Wenn nur ein DSL-Zugang besteht, ist so ein Switch auch die einzige Möglichkeit die Netze komplett voneinander zu trennen.

Für näheres müsste man aber mehr über das Netzwerk vor Ort wissen. Da es da aber einen Administrator zu geben scheint, müsste sich dieser doch um die
Netztrennung kümmern.

Falls doch noch ein PC im Kunden-Netz bereit steht, könnte ich dir eine schöne Lösung mit SSH beschreiben.


----------



## afk (2 Februar 2007)

*Natürlich geht das*



Cliff schrieb:


> Ist so etwas überhaupt möglich?
> Wie könnte man das lösen ohne einen PC vor Ort zu installieren (Nur Router/ Gateway/ Switches)?

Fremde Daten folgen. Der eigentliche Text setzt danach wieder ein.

(* For a real number $u \geqslant 0$ and an integer $h \geqslant 2$, let $R_2(h,u)$ denote the number of pairs of integers $(m,n) \in (u,u+h]^2$ such that $mn$ is a perfect square. Then \[ R_2(h,u) \ll h \log h, \] where the implied constant is absolute.
   Context: The notation $X \ll Y$ means $|X| \leqslant cY$ for some absolute constant $c>0$. *)

From mathcomp Require Import all_boot all_order all_algebra.
From mathcomp Require Import all_classical all_reals all_analysis.
Set Implicit Arguments. Unset Strict Implicit. Unset Printing Implicit Defensive.
Import Order.TTheory GRing.Theory Num.Theory.
Local Open Scope ring_scope.

Definition is_square (k : nat) : bool :=
  [exists j : 'I_k.+1, ((j : nat) * j == k)%N].

(* R_2(h,u): number of pairs of integers (m,n) in (u, u+h]^2 with m*n a
   perfect square.  Since u >= 0 such integers are positive naturals, and
   every one of them is <= Num.trunc (u + h), so the range 0 .. trunc(u+h)
   contains all of them. *)
Definition R2 (R : realType) (h : nat) (u : R) : nat :=
  let M := (Num.trunc (u + h%:R)).+1 in
  #|[set p : 'I_M * 'I_M |
      [&& u < (p.1 : nat)%:R, (p.1 : nat)%:R <= u + h%:R,
          u < (p.2 : nat)%:R, (p.2 : nat)%:R <= u + h%:R &
          is_square ((p.1 : nat) * (p.2 : nat))%N]]|.

From mathcomp Require Import all_boot all_order all_algebra.
From mathcomp Require Import all_classical all_reals all_analysis.
From mathcomp Require Import unstable zify ring lra.
Import Order.TTheory GRing.Theory Num.Theory.
Set Implicit Arguments. Unset Strict Implicit. Unset Printing Implicit Defensive.
Local Open Scope ring_scope.

(* If mn is a square then m = kq^2 and n = kp^2 for a common k.  For fixed k,
   the N integers q with kq^2 in the window (u, u + h] span an interval of
   length d with kd^2 < h, so k(N - 1)^2 < h and there are at most
   N(N - 1) <= 2h/k pairs q <> p; there are none once k >= h.  Summing over
   k < h gives at most 2h H_(h-1) = O(h log h) off-diagonal pairs, and the
   diagonal m = n contributes at most h more. *)

Lemma card_le_diam M (A : {set 'I_M}) (i j : nat) :
  (forall x : 'I_M, x \in A -> (i <= x <= j)%N) -> (#|A| <= (j - i).+1)%N.
Proof.
move=> Aij; rewrite -[(j - i).+1]card_ord.
apply: (@leq_card_in _ _ (fun x : 'I_M => inord (x - i) : 'I_(j - i).+1)).
move=> x y /Aij xij /Aij yij /(congr1 val) /=.
by rewrite !inordK; try lia; move=> exy; apply: ord_inj; lia.
Qed.

Definition offdiag (T : finType) (A : {set T}) : {set T * T} :=
  [set x in finset.setX A A | x.1 != x.2].

Lemma card_offdiag (T : finType) (A : {set T}) :
  #|offdiag A| = (#|A| * #|A|.-1)%N.
Proof.
have diagE : finset.setX A A :&: [set x | x.1 == x.2] = [set (a, a) | a in A].
  apply/setP => -[a b]; rewrite !inE /=.
  apply/andP/imsetP => [[/andP[aA _] /eqP <-]|[c cA [-> ->]]]; last by rewrite cA.
  by exists a.
have offdiagE : offdiag A = finset.setX A A :\: [set x | x.1 == x.2].
  by apply/setP => x; rewrite !inE andbC.
have := cardsID [set x : T * T | x.1 == x.2] (finset.setX A A).
rewrite diagE card_imset; last by move=> a b [].
rewrite cardsX -offdiagE => /(canRL (addKn _)) ->.
by rewrite -subn1 mulnBr muln1.
Qed.

Section NatFacts.
Local Open Scope nat_scope.

(* With g = gcd(m, s), m = gq and s = gp for coprime q, p; then q n = g p^2
   forces q | g. *)
Lemma prod_sqr_decomp (m n s : nat) : 0 < m -> m * n = s ^ 2 ->
  exists k q p, m = k * q ^ 2 /\ n = k * p ^ 2.
Proof.
move=> m_gt0 mnE.
set g := gcdn m s.
have g_gt0 : 0 < g by rewrite gcdn_gt0 m_gt0.
have mE : m = (m %/ g) * g by rewrite divnK // dvdn_gcdl.
have sE : s = (s %/ g) * g by rewrite divnK // dvdn_gcdr.
set q := m %/ g in mE *; set p := s %/ g in sE *.
have q_gt0 : 0 < q by move: m_gt0; rewrite mE muln_gt0 => /andP[].
have coqp : coprime q p.
  have : gcdn q p * g = 1 * g by rewrite muln_gcdl -mE -sE mul1n.
  by move/eqP; rewrite eqn_pmul2r.
have qnE : q * n = g * p ^ 2.
  by apply/eqP; rewrite -(eqn_pmul2r g_gt0) mulnAC -mE mnE sE; apply/eqP; ring.
have /dvdnP[k gE] : q %| g.
  by rewrite -(@Gauss_dvdl _ _ (p ^ 2)) ?coprimeXr // -qnE dvdn_mulr.
exists k, q, p; split; first by rewrite mE gE; ring.
by apply/eqP; rewrite -(eqn_pmul2l q_gt0) qnE gE; apply/eqP; ring.
Qed.

Lemma sqr_factors_le (k q : nat) : 0 < k * q ^ 2 -> k <= k * q ^ 2 /\ q <= k * q ^ 2.
Proof. by rewrite muln_gt0 expn_gt0 /= => /andP[k_gt0 q_gt0]; split; nia. Qed.

Lemma sqr_gap_lt (k i j d : nat) :
  i <= j -> k * j ^ 2 < k * i ^ 2 + d -> k * (j - i) ^ 2 < d.
Proof. by move=> /subnK <-; rewrite addnK; nia. Qed.

Lemma leq_sum_supp (g : nat -> nat) (M N : nat) :
  (forall k, N <= k -> g k = 0) -> \sum_(k < M) g k <= \sum_(k < N) g k.
Proof.
move=> g_supp; rewrite -!(big_mkord xpredT).
have [MN|NM] := leqP M N.
  by rewrite [X in _ <= X](big_cat_nat (leq0n M) MN) leq_addr.
rewrite (big_cat_nat (leq0n N) (ltnW NM)) -[X in _ <= X]addn0 leq_add2l leqn0.
rewrite big1_seq // => k /andP[_]; rewrite mem_index_iota => /andP[Nk _].
exact: g_supp.
Qed.

End NatFacts.

Section Harmonic.
Variable R : realType.

Lemma ln_succ_ge (x : R) : 0 < x -> (x + 1)^-1 <= ln (x + 1) - ln x.
Proof.
move=> x_gt0; have x1_gt0 : 0 < x + 1 by lra.
have := @le_ln1Dx R (- (x + 1)^-1).
have -> : 1 - (x + 1)^-1 = x / (x + 1) by field; rewrite gt_eqF.
rewrite ln_div ?posrE // ltrNl opprK invf_lt1 //; lra.
Qed.

Lemma harmonic_series_le n : series (@harmonic R) n.+1 <= 1 + ln n.+1%:R.
Proof.
elim: n => [|n IHn]; first by rewrite /series /= big_nat1 /= invr1 ln1 addr0.
have step := ln_succ_ge (ltr0Sn R n); rewrite natr1 in step.
by rewrite seriesSr; apply: le_trans (lerD IHn step) _; lra.
Qed.

Lemma sum_le_harmonic (g : nat -> nat) (C n M : nat) :
  g 0 = 0%N -> (forall k, (n < k)%N -> g k = 0%N) -> (forall k, k * g k <= C)%N ->
  ((\sum_(k < M) g k)%:R : R) <= C%:R * series harmonic n.
Proof.
move=> g0 g_supp gC.
apply: (@le_trans _ _ (\sum_(k < n.+1) g k)%:R); first by rewrite ler_nat leq_sum_supp.
rewrite big_ord_recl g0 add0n natr_sum seriesEord /= mulr_sumr.
apply: ler_sum => i _; rewrite /bump /= add1n ler_pdivlMr ?ltr0n // -natrM ler_nat.
by rewrite mulnC.
Qed.

End Harmonic.

Section Window.
Variables (R : realType) (u : R) (h : nat).
Hypotheses (u_ge0 : 0 <= u) (h_gt0 : (0 < h)%N).

Definition in_window (x : nat) : bool := (u < x%:R) && (x%:R <= u + h%:R).

Lemma in_window_gt0 x : in_window x -> (0 < x)%N.
Proof. by case/andP => ux _; rewrite -(ltr0n R) (le_lt_trans u_ge0). Qed.

Lemma in_window_ltn x y : in_window x -> in_window y -> (y < x + h)%N.
Proof.
case/andP=> ux _ /andP[_ yu]; rewrite -(ltr_nat R) natrD.
by apply: le_lt_trans yu _; rewrite ltrD2r.
Qed.

Local Notation M := (Num.truncn (u + h%:R)).+1.

Lemma card_window : (#|[set x : 'I_M | in_window x]| <= h)%N.
Proof.
have [->|[a aW]] := set_0Vmem [set x : 'I_M | in_window x]; first by rewrite cards0.
rewrite inE in aW.
have [i iW i_min] := @arg_minnP _ a (fun x : 'I_M => in_window x) (@nat_of_ord _) aW.
apply: leq_trans (@card_le_diam _ _ i (i + h.-1) _) _; last by lia.
move=> x; rewrite inE => xW; rewrite i_min //=.
by have := in_window_ltn iW xW; lia.
Qed.

Definition window_roots (k : nat) : {set 'I_M} :=
  [set q : 'I_M | in_window (k * q ^ 2)].

Lemma card_window_roots0 : #|window_roots 0| = 0%N.
Proof. by apply: eq_card0 => q; rewrite !inE mul0n; apply/negP => /in_window_gt0. Qed.

Lemma card_window_roots k : (k * #|window_roots k|.-1 ^ 2 < h)%N.
Proof.
have [->|[a aA]] := set_0Vmem (window_roots k); first by rewrite cards0 muln0.
rewrite inE in aA.
have [i iA i_min] := @arg_minnP _ a (fun x : 'I_M => in_window (k * x ^ 2)) (@nat_of_ord _) aA.
have [j jA j_max] := @arg_maxnP _ a (fun x : 'I_M => in_window (k * x ^ 2)) (@nat_of_ord _) aA.
have card_le : (#|window_roots k| <= (j - i).+1)%N.
  by apply: card_le_diam => x; rewrite inE => xA; rewrite i_min //; apply: j_max.
have gap : (k * (j - i) ^ 2 < h)%N.
  by apply: sqr_gap_lt (i_min _ jA) _; exact: in_window_ltn.
apply: leq_ltn_trans gap; rewrite leq_mul2l leq_sqr; apply/orP; right; lia.
Qed.

Lemma card_offdiag_window_roots k : (k * #|offdiag (window_roots k)| <= 2 * h)%N.
Proof.
rewrite card_offdiag; have := card_window_roots k.
by case: #|window_roots k| => [|N] /=; nia.
Qed.

Lemma offdiag_window_roots_eq0 k : (h <= k)%N -> #|offdiag (window_roots k)| = 0%N.
Proof.
rewrite card_offdiag; have := card_window_roots k.
by case: #|window_roots k| => [|N] /=; nia.
Qed.

Definition scale_sqr (k : nat) (x : 'I_M * 'I_M) : 'I_M * 'I_M :=
  (inord (k * x.1 ^ 2), inord (k * x.2 ^ 2)).

Lemma square_pair_scale_sqr (m n : 'I_M) :
  in_window m -> in_window n -> is_square (m * n) -> m != n ->
  exists k : 'I_M, exists2 x, x \in offdiag (window_roots k) & (m, n) = scale_sqr k x.
Proof.
move=> wm wn /existsP[s /eqP sE] mn.
have [k [q [p [mE nE]]]] :=
  prod_sqr_decomp (in_window_gt0 wm) (etrans (esym sE) (mulnn s)).
have [k_le q_le] : (k <= m /\ q <= m)%N.
  by rewrite mE; apply: sqr_factors_le; rewrite -mE (in_window_gt0 wm).
have [_ p_le] : (k <= n /\ p <= n)%N.
  by rewrite nE; apply: sqr_factors_le; rewrite -nE (in_window_gt0 wn).
have k_lt := leq_ltn_trans k_le (ltn_ord m).
have q_lt := leq_ltn_trans q_le (ltn_ord m).
have p_lt := leq_ltn_trans p_le (ltn_ord n).
exists (Ordinal k_lt), (Ordinal q_lt, Ordinal p_lt).
  rewrite !inE /= -mE -nE wm wn /=.
  by apply: contra_neq mn => -[qp]; apply: val_inj; rewrite /= mE nE qp.
by congr pair; apply: val_inj; rewrite /= inordK -?mE -?nE.
Qed.

Lemma R2_le_sum : (R2 h u <= h + \sum_(k < M) #|offdiag (window_roots k)|)%N.
Proof.
set W := [set x : 'I_M | in_window x].
set U := \bigcup_(k < M) scale_sqr k @: offdiag (window_roots k).
rewrite /R2 /=; apply: (@leq_trans #|[set (x, x) | x in W] :|: U|).
  apply/subset_leq_card/fintype.subsetP => -[m n].
  rewrite !inE /= => /and5P[m1 m2 n1 n2 sq].
  have wm : in_window m by apply/andP.
  have wn : in_window n by apply/andP.
  have [<-|mn] := eqVneq m n; first by rewrite imset_f ?inE.
  have [k [x xP ->]] := square_pair_scale_sqr wm wn sq mn.
  by apply/orP; right; apply/finset.bigcupP; exists k => //; rewrite imset_f.
apply: leq_trans (leq_card_setU _ _) _; apply: leq_add.
  exact: leq_trans (leq_imset_card _ _) card_window.
apply: leq_trans (card_big_setU _ _ _) _; apply: leq_sum => k _.
exact: leq_imset_card.
Qed.

End Window.

Theorem lemma2p1 (R : realType) :
  exists c : R, 0 < c /\
    forall (u : R) (h : nat), 0 <= u -> (2 <= h)%N ->
      ((R2 h u)%:R : R) <= c * h%:R * ln (h%:R : R).
Proof.
exists 8; split => // u h u_ge0 h_ge2.
have h_gt0 : (0 < h)%N by apply: leq_trans h_ge2.
have R2_le := R2_le_sum u_ge0 h_gt0; rewrite -(ler_nat R) natrD in R2_le.
have sum_le : ((\sum_(k < (Num.truncn (u + h%:R)).+1)
                 #|offdiag (window_roots u h k)|)%:R : R)
              <= (2 * h)%:R * series harmonic h.
  apply: (@sum_le_harmonic R (fun k => #|offdiag (window_roots u h k)|)) => [|k hk|k].
  - by rewrite card_offdiag card_window_roots0.
  - exact/offdiag_window_roots_eq0/ltnW.
  - exact: card_offdiag_window_roots.
have H_le : series (@harmonic R) h <= 1 + ln h%:R.
  by have := harmonic_series_le R h.-1; rewrite prednK.
have ln_ge : 2^-1 <= ln (h%:R : R).
  have := ln_succ_ge (@ltr01 R); rewrite ln1 subr0 => /le_trans; apply.
  by rewrite ler_ln ?posrE ?ltr0n // (ler_nat R 2).
rewrite natrM in sum_le.
have hH := ler_wpM2l (ler0n R h) H_le.
have hL : 0 <= h%:R * (2 * ln (h%:R : R) - 1) by rewrite mulr_ge0 //; lra.
lra.
Qed.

Ist möglich, ich sitze grade neben einer Anlage, bei der wir das genau so machen.

Ein PC hat zwei Netzwerk-Adressen, eine im Kundennetz, und eine in unserem kleinen "Anlagennetz", und übernimmt die Funktion des Gateways für alle anderen PCs und SPS-Steuerungen. VPN-Einwahl erfolgt zuerst in das Kundennetz, dann per zweitem VPN durch den bestehenden Tunnel auf diesen PC.

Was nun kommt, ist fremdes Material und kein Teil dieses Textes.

(* The families $\mathrm{SLT}_1$ and $\mathrm{RL}_1^V$ are incomparable; in particular $\{a\}\in\mathrm{RL}_1^V\setminus\mathrm{SLT}_1$ and $\{a\}\{b\}^*\{a\}\cup\{a\}\in\mathrm{SLT}_1\setminus\mathrm{RL}_1^V$.
   Context: Strictly locally testable languages: let $V$ be an alphabet and $k\ge1$. For $B,I,E\subseteq V^k$ and $F\subseteq V^{\le k-1}$, $\mathrm{slt}(B,I,E,F)$ is the language over $V$ consisting of all words in $F$ together with all words $a_1\cdots a_n$ ($a_i\in V$, $n\ge k$) with $a_1\cdots a_k\in B$, $a_{j+1}\cdots a_{j+k}\in I$ for all $1\le j\le n-k-1$, and $a_{n-k+1}\cdots a_n\in E$. $\mathrm{SLT}_k$ is the family of languages of this form. A right-linear grammar is $G=(N,T,P,S)$ with rules $A\to wB$ or $A\to w$ ($A,B\in N$, $w\in T^*$). For a regular language $L$, $\mathrm{Var}_{RL}(L)$ is the minimum of $|N|$ over all right-linear grammars generating $L$; $\mathrm{RL}_n^V=\{L\text{ regular}:\mathrm{Var}_{RL}(L)\le n\}$. *)

From Stdlib Require Import Relations.Relation_Operators.
From mathcomp Require Import all_boot.
Set Implicit Arguments. Unset Strict Implicit. Unset Printing Implicit Defensive.

Definition lang (V : finType) := seq V -> Prop.

Definition lang_eq (V : finType) (L M : lang V) := forall w, L w <-> M w.

(* slt_k(B, I, E, F) over V, literally as in the paper:
   words of F, together with words a_1..a_n (n >= k) with
   a_1..a_k in B, a_{j+1}..a_{j+k} in I for 1 <= j <= n-k-1,
   a_{n-k+1}..a_n in E. *)
Definition slt (V : finType) (k : nat) (B I E F : lang V) : lang V :=
  fun w => F w \/
    [/\ k <= size w,
        B (take k w),
        (forall j, 1 <= j -> j <= size w - k - 1 -> I (take k (drop j w))) &
        E (drop (size w - k) w)].

Definition SLT (V : finType) (k : nat) (L : lang V) : Prop :=
  exists B I E F : lang V,
    [/\ (forall w, B w -> size w = k),
        (forall w, I w -> size w = k),
        (forall w, E w -> size w = k),
        (forall w, F w -> size w <= k - 1) &
        lang_eq L (slt k B I E F)].

(* Right-linear grammar with n nonterminals 'I_n and terminal alphabet V:
   a finite list of rules A -> w B  (Some B)  or  A -> w  (None). *)
Record rl_grammar (V : finType) (n : nat) := RLGrammar {
  rl_rules : seq ('I_n * seq V * option 'I_n);
  rl_start : 'I_n }.

Definition sform (V : finType) (n : nat) := (seq V * option 'I_n)%type.

Definition rl_step (V : finType) (n : nat) (G : rl_grammar V n)
  (x y : sform V n) : Prop :=
  exists u A w oB, x = (u, Some A) /\ y = (u ++ w, oB) /\ (A, w, oB) \in rl_rules G.

Definition rl_lang (V : finType) (n : nat) (G : rl_grammar V n) : lang V :=
  fun w => clos_refl_trans (sform V n) (@rl_step V n G) ([::], Some (rl_start G)) (w, None).

(* RL_n^V = { L regular : Var_RL(L) <= n }, i.e. L is generated by a right-linear
   grammar with at most n nonterminals (such L is automatically regular). *)
Definition RLV (V : finType) (n : nat) (L : lang V) : Prop :=
  exists m, m <= n /\ exists G : rl_grammar V m, lang_eq L (rl_lang G).

Definition lang_a (V : finType) (a : V) : lang V := fun w => w = [:: a].

Definition lang_aba (V : finType) (a b : V) : lang V :=
  fun w => w = [:: a] \/ exists m, w = a :: nseq m b ++ [:: a].

(* In slt(B,I,E,F) with k = 1 the set F may only
   contain the empty word, and a word of length one or two is tested by B and E
   alone.  Hence an SLT_1 language containing a one-letter word x also contains
   xx, so {a} is not in SLT_1.  Conversely {a}{b}^*{a} u {a} is exactly
   slt({a},{b},{a},{}), the interior letters being tested one by one against I.

   For a
   grammar with the single nonterminal S, a rule S -> rS lets us prepend r to
   every generated word.  In {a}{b}^*{a} u {a} the word a can be prefixed by r
   at most once when r is nonempty (r r a would contain three a's), so all
   recursive rules emit nothing; then every generated word is the body of a
   terminating rule, which bounds the length of the generated words, whereas
   a b^N a is in the language for every N. *)
From Stdlib Require Import Relations.Relation_Operators.
From mathcomp Require Import all_boot zify.
Set Implicit Arguments. Unset Strict Implicit.

Section RightLinearDerivations.
Variables (V : finType) (n : nat) (G : rl_grammar V n).

Definition derives : sform V n -> sform V n -> Prop :=
  clos_refl_trans (sform V n) (@rl_step V n G).

Lemma derives_invariant (P : sform V n -> Prop) :
  (forall x y, rl_step G x y -> P x -> P y) ->
  forall x y, derives x y -> P x -> P y.
Proof.
move=> Pstep x y; elim=> [x0 y0 /Pstep // | // | x0 y0 z0 _ Pxy _ Pyz].
by move=> /Pxy /Pyz.
Qed.

Lemma derives_prepend r x y :
  derives x y -> derives (r ++ x.1, x.2) (r ++ y.1, y.2).
Proof.
elim=> [x0 y0 [u [A [w [oB [-> [-> rule]]]]]] | x0 | x0 y0 z0 _ Dxy _ Dyz].
- by apply: rt_step; exists (r ++ u), A, w, oB; rewrite catA.
- exact: rt_refl.
- exact: rt_trans Dxy Dyz.
Qed.

Definition silent_recursion : Prop :=
  forall A w B, (A, w, Some B) \in rl_rules G -> w = [::].

Lemma rl_lang_terminal_rule :
  silent_recursion -> forall w, rl_lang G w -> exists A, (A, w, None) \in rl_rules G.
Proof.
move=> silent w gen_w.
pose P (x : sform V n) := match x with
  | (u, Some _) => u = [::]
  | (u, None) => exists A, (A, u, None) \in rl_rules G end.
suff: P (w, None) by [].
apply: (derives_invariant (P := P) _ gen_w) => //.
move=> _ _ [u [A [w' [[B|] [-> [-> rule]]]]]] /= ->; last by exists A.
exact: silent rule.
Qed.

Definition longest_rule : nat := \max_(p <- rl_rules G) size p.1.2.

Lemma rl_lang_size_bound :
  silent_recursion -> forall w, rl_lang G w -> size w <= longest_rule.
Proof.
move=> silent w /(rl_lang_terminal_rule silent) [A rule].
exact: (leq_bigmax_seq (F := fun p : 'I_n * seq V * option 'I_n => size p.1.2) _ rule).
Qed.

End RightLinearDerivations.

Lemma rl1_prepend (V : finType) (G : rl_grammar V 1) r w :
  (ord0, r, Some ord0) \in rl_rules G -> rl_lang G w -> rl_lang G (r ++ w).
Proof.
move=> rule gen_w; have := derives_prepend r gen_w; rewrite /= cats0.
apply: rt_trans; apply: rt_step; exists [::], (rl_start G), r, (Some ord0).
by rewrite (ord1 (rl_start G)).
Qed.

(* In SLT_1 a one-letter word x passes the same tests as xx. *)
Lemma slt1_singleton_double (V : finType) (L : lang V) (x : V) :
  SLT 1 L -> L [:: x] -> L [:: x; x].
Proof.
case=> B [I [E [F [_ _ _ F_short eqL]]]] /eqL [/F_short // | [_ Bx _ Ex]].
by apply/eqL; right; split => // -[|j].
Qed.

Lemma slt1_interior (V : finType) (I : lang V) (x z : V) (s : seq V) :
  (forall j, 1 <= j -> j <= size (x :: s ++ [:: z]) - 1 - 1 ->
     I (take 1 (drop j (x :: s ++ [:: z])))) <->
  (forall i, i < size s -> I [:: nth x s i]).
Proof.
have letter i : i < size s -> take 1 (drop i.+1 (x :: s ++ [:: z])) = [:: nth x s i].
  move=> lt_is; have lt_isz : i < size (s ++ [:: z]) by rewrite size_cat; lia.
  by rewrite /= (drop_nth x lt_isz) nth_cat lt_is /= take0.
rewrite /= size_cat addn1 !subn1 /=.
split=> [Imid i lt_is | Is [//|i] _ lt_is]; last by rewrite letter //; apply: Is.
by rewrite -letter //; apply: Imid.
Qed.

Section TwoLetters.
Variables (V : finType) (a b : V).

Lemma lang_aba_sltE :
  lang_eq (lang_aba a b) (slt 1 (lang_a a) (lang_a b) (lang_a a) (fun _ => False)).
Proof.
have only_b s : (forall i, i < size s -> lang_a b [:: nth a s i]) <-> s = nseq (size s) b.
  rewrite /lang_a; split=> [Ib | ->]; last by move=> i; rewrite size_nseq nth_nseq => ->.
  apply/all_pred1P; apply/(all_nthP a) => i /Ib [->] /=; exact: eqxx.
move=> w; split.
- case=> [->|[m ->]]; right.
    by split=> // -[|j].
  split=> //=; first by rewrite take0.
    by apply/slt1_interior/only_b; rewrite size_nseq.
  by rewrite size_cat size_nseq addn1 subn1 /= drop_size_cat ?size_nseq.
- case=> // -[]; case: w => [|x w] //= _ [->].
  case/lastP: w => [|s z] _; first by left.
  rewrite -cats1 => /slt1_interior/only_b mid.
  rewrite size_cat addn1 subn1 /= drop_size_cat // => -[->].
  by right; exists (size s); rewrite -mid.
Qed.

Lemma slt1_aba : SLT 1 (lang_aba a b).
Proof.
exists (lang_a a), (lang_a b), (lang_a a), (fun _ => False).
by split=> [w ->|w ->|w ->|//|]; last exact: lang_aba_sltE.
Qed.

Hypothesis hab : a != b.

Lemma lang_aba_shape w : lang_aba a b w -> head a w = a /\ count_mem a w <= 2.
Proof.
have no_a m : count_mem a (nseq m b) = 0 by rewrite count_nseq /= eq_sym (negbTE hab).
by case=> [->|[m ->]]; rewrite /= ?count_cat ?no_a /= eqxx.
Qed.

Lemma lang_aba_no_double_prefix r :
  r != [::] -> lang_aba a b (r ++ [:: a]) -> ~ lang_aba a b (r ++ r ++ [:: a]).
Proof.
case: r => [//|x r] _ /lang_aba_shape [/= ->] _ /lang_aba_shape [_].
by rewrite /= eqxx count_cat /= eqxx count_cat /= eqxx; lia.
Qed.

Lemma not_rlv1_aba : ~ RLV 1 (lang_aba a b).
Proof.
case=> -[|[|m]] [_ [G eqL]] //; first by case: (rl_start G).
have silent : silent_recursion G.
  move=> A r B; rewrite (ord1 A) (ord1 B) => rule.
  have [//|r_nil] := eqVneq r [::]; exfalso.
  have gen1 := rl1_prepend rule ((eqL [:: a]).1 (or_introl erefl)).
  have gen2 := rl1_prepend rule gen1.
  exact: lang_aba_no_double_prefix r_nil ((eqL _).2 gen1) ((eqL _).2 gen2).
pose N := longest_rule G.
have long : lang_aba a b (a :: nseq N b ++ [:: a]) by right; exists N.
have := rl_lang_size_bound silent ((eqL _).1 long).
by rewrite /= size_cat size_nseq; lia.
Qed.

End TwoLetters.

Lemma rlv1_singleton (V : finType) (a : V) : RLV 1 (lang_a a).
Proof.
pose G := RLGrammar [:: (ord0, [:: a], None)] (@ord0 0).
exists 1; split=> //; exists G => w; split.
  by move=> ->; apply: rt_step; exists [::], ord0, [:: a], None; rewrite mem_seq1.
move=> gen_w; pose P (x : sform V 1) := match x with
  | (u, Some _) => u = [::] | (u, None) => u = [:: a] end.
suff: P (w, None) by [].
apply: (derives_invariant (P := P) _ gen_w) => //.
move=> _ _ [u [A [w' [oB [-> [-> rule]]]]]] /= ->.
by move: rule; rewrite mem_seq1 => /eqP [_ -> ->].
Qed.

Lemma not_slt1_singleton (V : finType) (a : V) : ~ SLT 1 (lang_a a).
Proof. by move=> /slt1_singleton_double /(_ erefl). Qed.

Theorem mainTheorem12 (V : finType) (a b : V) (hab : a != b) :
  ((exists L : lang V, SLT 1 L /\ ~ RLV 1 L) /\
   (exists L : lang V, RLV 1 L /\ ~ SLT 1 L)) /\
  (RLV 1 (lang_a a) /\ ~ SLT 1 (lang_a a)) /\
  (SLT 1 (lang_aba a b) /\ ~ RLV 1 (lang_aba a b)).
Proof.
have slt_aba := slt1_aba a b; have not_rlv_aba := not_rlv1_aba hab.
have rlv_a := rlv1_singleton a; have not_slt_a := @not_slt1_singleton V a.
by split; [split; [exists (lang_aba a b) | exists (lang_a a)] | split].
Qed.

An diesem PC wird das über "Incomming connections" und "Virtual Private Network: Allow others ..." freigeschaltet. Das default VPN in Windows (PPTP) ist zwar nicht besonders sicher, aber für die Sicherheit sorgt ja schon der "äußere" Tunnel zum Kundennetz.

Wichtig ist, das überall die Settings für Gateway bzw. Router richtig eingestellt sind, und die IP-Adressen der ganzen Teilnehmer vom "Anlagennetz" in die Host-Tabelle des PCs eingetragen werden, der die Verbindung zur Anlage aufnehmen soll (der PC, der bei Dir steht, nicht der beim Kunden).



Cliff schrieb:


> Wie könnte man das lösen ohne einen PC vor Ort zu installieren (Nur Router/ Gateway/ Switches)?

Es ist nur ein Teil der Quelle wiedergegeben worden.